International Association
for Cryptologic Research

Fully homomorphic encryption is a revolutionary technology that allows arbitrary computations on encrypted data, providing privacy and security. State-of-the-art schemes such as the Fan-Vercauteren (FV) scheme are based on the Learning with Errors assumption and its variants. Thus, each ciphertext has an error that increases with each homomorphic operation. To maintain correctness, the error must be kept below a certain threshold, which requires a balance between security and computational efficiency. Therefore, choosing optimal, secure, and efficient parameters can be a challenging task, even for experts in a particular scheme.

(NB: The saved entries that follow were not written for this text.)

(* Let $\mathcal{P}$ be a partition of $\{1,\dots,n\}$ and $\mathcal{U}$ a subspace of $\mathbb{R}^n$. The following are equivalent: (1) $\mathcal{U}$ is recoverable by BMTFA; (2) $\mathcal{U}$ is $\mathcal{P}$-realizable; (3) $\mathcal{U}^\perp$ has the $\mathcal{P}$-ellipsoid fitting property.
   Context: A matrix is $\mathcal{P}$-block-diagonal if it is zero outside the principal submatrices indexed by the blocks $\mathcal{I}\in\mathcal{P}$. Block minimum trace factor analysis (BMTFA) with input symmetric $X$: minimize $\operatorname{tr}(L)$ subject to $X=B+L$, $L$ positive semidefinite, $B$ $\mathcal{P}$-block-diagonal. $\mathcal{U}$ is recoverable by BMTFA if for every $\mathcal{P}$-block-diagonal $B^\star$ and every positive semidefinite $L^\star$ with column space $\mathcal{U}$, $(B^\star,L^\star)$ is the unique optimum of BMTFA with input $B^\star+L^\star$. The $\mathcal{P}$-elliptope is $\mathcal{E}_{\mathcal{P}}=\{Y\succeq 0: Y_{\mathcal{I}}=I \text{ for all }\mathcal{I}\in\mathcal{P}\}$, where $Y_{\mathcal{I}}$ is the principal submatrix indexed by $\mathcal{I}$. $\mathcal{U}$ is $\mathcal{P}$-realizable if some $Y\in\mathcal{E}_{\mathcal{P}}$ has nullspace containing $\mathcal{U}$. For $\mathcal{I}\subseteq\{1,\dots,n\}$, $S^{\mathcal{I}}=\{x\in\mathbb{R}^n:\|x\|_2=1,\ x_j=0\text{ for }j\notin\mathcal{I}\}$. A centered ellipsoid in $\mathbb{R}^k$ is given by a positive semidefinite $M$, with boundary $\{y: y^TMy=1\}$. A subspace $\mathcal{V}$ has the $\mathcal{P}$-ellipsoid fitting property if there is a $k\times n$ matrix $V$ with row space $\mathcal{V}$ and a centered ellipsoid in $\mathbb{R}^k$ whose boundary contains $\bigcup_{\mathcal{I}\in\mathcal{P}}V(S^{\mathcal{I}})$. *)

From HB Require Import structures.
From mathcomp Require Import all_boot all_order all_algebra.
From mathcomp Require Import reals.
Set Implicit Arguments. Unset Strict Implicit. Unset Printing Implicit Defensive.
Import Order.TTheory GRing.Theory Num.Theory.
Local Open Scope ring_scope.

Section Defs.
Variable R : realType.

Definition psd (k : nat) (A : 'M[R]_k) : Prop :=
  A^T = A /\ forall x : 'cV[R]_k, 0 <= (x^T *m A *m x) 0 0.

Variable n : nat.
(* P : a partition of {0,...,n-1}, given as a set of blocks *)
Variable P : {set {set 'I_n}}.

Definition blockdiag (B : 'M[R]_n) : Prop :=
  forall i j : 'I_n, (forall I, I \in P -> ~~ ((i \in I) && (j \in I))) -> B i j = 0.

Definition bmtfa_feasible (X B L : 'M[R]_n) : Prop :=
  X = B + L /\ psd L /\ blockdiag B.

Definition bmtfa_unique_opt (X B L : 'M[R]_n) : Prop :=
  bmtfa_feasible X B L /\
  forall B' L', bmtfa_feasible X B' L' ->
    \tr L <= \tr L' /\ (\tr L' = \tr L -> B' = B /\ L' = L).

(* Subspaces of R^n are represented as row spaces of matrices U : 'M_n.
   U is recoverable by BMTFA; column space of L is the row space of L^T. *)
Definition recoverable (U : 'M[R]_n) : Prop :=
  forall Bs Ls : 'M[R]_n, blockdiag Bs -> Bs^T = Bs -> psd Ls -> (Ls^T == U)%MS ->
    bmtfa_unique_opt (Bs + Ls) Bs Ls.

Definition elliptope (Y : 'M[R]_n) : Prop :=
  psd Y /\ forall I, I \in P -> forall i j, i \in I -> j \in I ->
    Y i j = (i == j)%:R.

Definition realizable (U : 'M[R]_n) : Prop :=
  exists Y, elliptope Y /\ forall u : 'rV[R]_n, (u <= U)%MS -> Y *m u^T = 0.

Definition orthmx (U : 'M[R]_n) : 'M[R]_n := kermx U^T.

Definition sphere_on (I : {set 'I_n}) (x : 'cV[R]_n) : Prop :=
  \sum_i (x i 0) ^+ 2 = 1 /\ forall j, j \notin I -> x j 0 = 0.

Definition ellipsoid_fitting (V : 'M[R]_n) : Prop :=
  exists (k : nat) (W : 'M[R]_(k, n)) (M : 'M[R]_k),
    (W == V)%MS /\ psd M /\
    forall I, I \in P -> forall x, sphere_on I x ->
      ((W *m x)^T *m M *m (W *m x)) 0 0 = 1.

End Defs.

(* (2) <-> (3): a point Y = S^T S of the elliptope has U in its nullspace exactly
   when the rows of S lie in the orthogonal complement of U, and then Y = W^T M W
   for a basis W of that complement and an ellipsoid M through the unit spheres of
   the blocks; conversely W^T M W is such a point.
   (2) -> (1): if Y lies in the elliptope and Y L* = 0, then for any feasible
   (B, L) the difference D = L - L* is block diagonal, so tr D = <Y, L> >= 0, and
   equality forces Y L = 0, hence Y D = 0 and D = 0.
   (1) -> (2) is the duality step. With L = U^T U and mask the 0/1 indicator of
   the blocks, minimise the penalty |mask o (I - Y)|^2 + 2 <L, Y> (o the entrywise
   product) over the psd matrices of bounded trace, a compact problem. At a minimiser Y0 the first-order conditions make L - B psd for the
   block-diagonal B = mask o (I - Y0), and <L - B, Y0> <= 0. Optimality of (0, L)
   gives tr B <= 0, while tr B = |mask o (I - Y0)|^2 + <L, Y0> - <L - B, Y0>; all
   three terms are then zero, so Y0 is in the elliptope and L Y0 = 0. *)

From HB Require Import structures.
From mathcomp Require Import all_boot all_order all_algebra.
From mathcomp Require Import reals ring lra.
From mathcomp Require Import boolp topology normedtype matrix_normedtype derive.
Set Implicit Arguments. Unset Strict Implicit. Unset Printing Implicit Defensive.
Import Order.TTheory GRing.Theory Num.Theory numFieldNormedType.Exports.
Local Open Scope ring_scope.

Section Forms.
Variable R : realType.
Implicit Types (k : nat).

Definition mxform k (A : 'M[R]_k) (x y : 'cV[R]_k) : R := (x^T *m A *m y) 0 0.

Lemma mxform_sum k (A : 'M[R]_k) x y :
  mxform A x y = \sum_i \sum_j x i 0 * A i j * y j 0.
Proof.
rewrite /mxform mxE; under eq_bigr => j _ do rewrite mxE big_distrl /=.
rewrite exchange_big /=; apply: eq_bigr => i _; apply: eq_bigr => j _.
by rewrite mxE.
Qed.

Lemma mxform_delta k (A : 'M[R]_k) i j :
  mxform A (delta_mx i 0) (delta_mx j 0) = A i j.
Proof. by rewrite /mxform trmx_delta -rowE -colE !mxE. Qed.

Lemma mxformDl k (A : 'M[R]_k) x y z : mxform A (x + y) z = mxform A x z + mxform A y z.
Proof. by rewrite /mxform linearD /= !mulmxDl mxE. Qed.

Lemma mxformDr k (A : 'M[R]_k) x y z : mxform A z (x + y) = mxform A z x + mxform A z y.
Proof. by rewrite /mxform mulmxDr mxE. Qed.

Lemma mxformZl k (A : 'M[R]_k) a x y : mxform A (a *: x) y = a * mxform A x y.
Proof. by rewrite /mxform linearZ /= -!scalemxAl mxE. Qed.

Lemma mxformZr k (A : 'M[R]_k) a x y : mxform A x (a *: y) = a * mxform A x y.
Proof. by rewrite /mxform -scalemxAr mxE. Qed.

Lemma mxformDm k (A B : 'M[R]_k) x y : mxform (A + B) x y = mxform A x y + mxform B x y.
Proof. by rewrite /mxform mulmxDr mulmxDl mxE. Qed.

Lemma mxformBm k (A B : 'M[R]_k) x y : mxform (A - B) x y = mxform A x y - mxform B x y.
Proof. by rewrite /mxform mulmxBr mulmxBl !mxE. Qed.

Lemma mxformZm k (A : 'M[R]_k) a x y : mxform (a *: A) x y = a * mxform A x y.
Proof. by rewrite /mxform -scalemxAr -scalemxAl mxE. Qed.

In this paper, we present two major contributions to improve the parameter selection in the FV scheme. We perform the first average case analysis to estimate the error growth. Our method significantly improves on previous work in terms of accuracy and tightness of bounds. For a circuit with a multiplicative depth of only 3, our bounds are within 1.2 bits of the experimentally observed values while being up to 19 bits tighter than previous analyses.

In addition, we take advantage of our theoretical advances and propose the first parameter generation tool for the FV scheme. Here we add support for arbitrary but use-case-specific circuits, as well as the ability to generate easy-to-use code snippets, making our theoretical work accessible to both researchers and practitioners.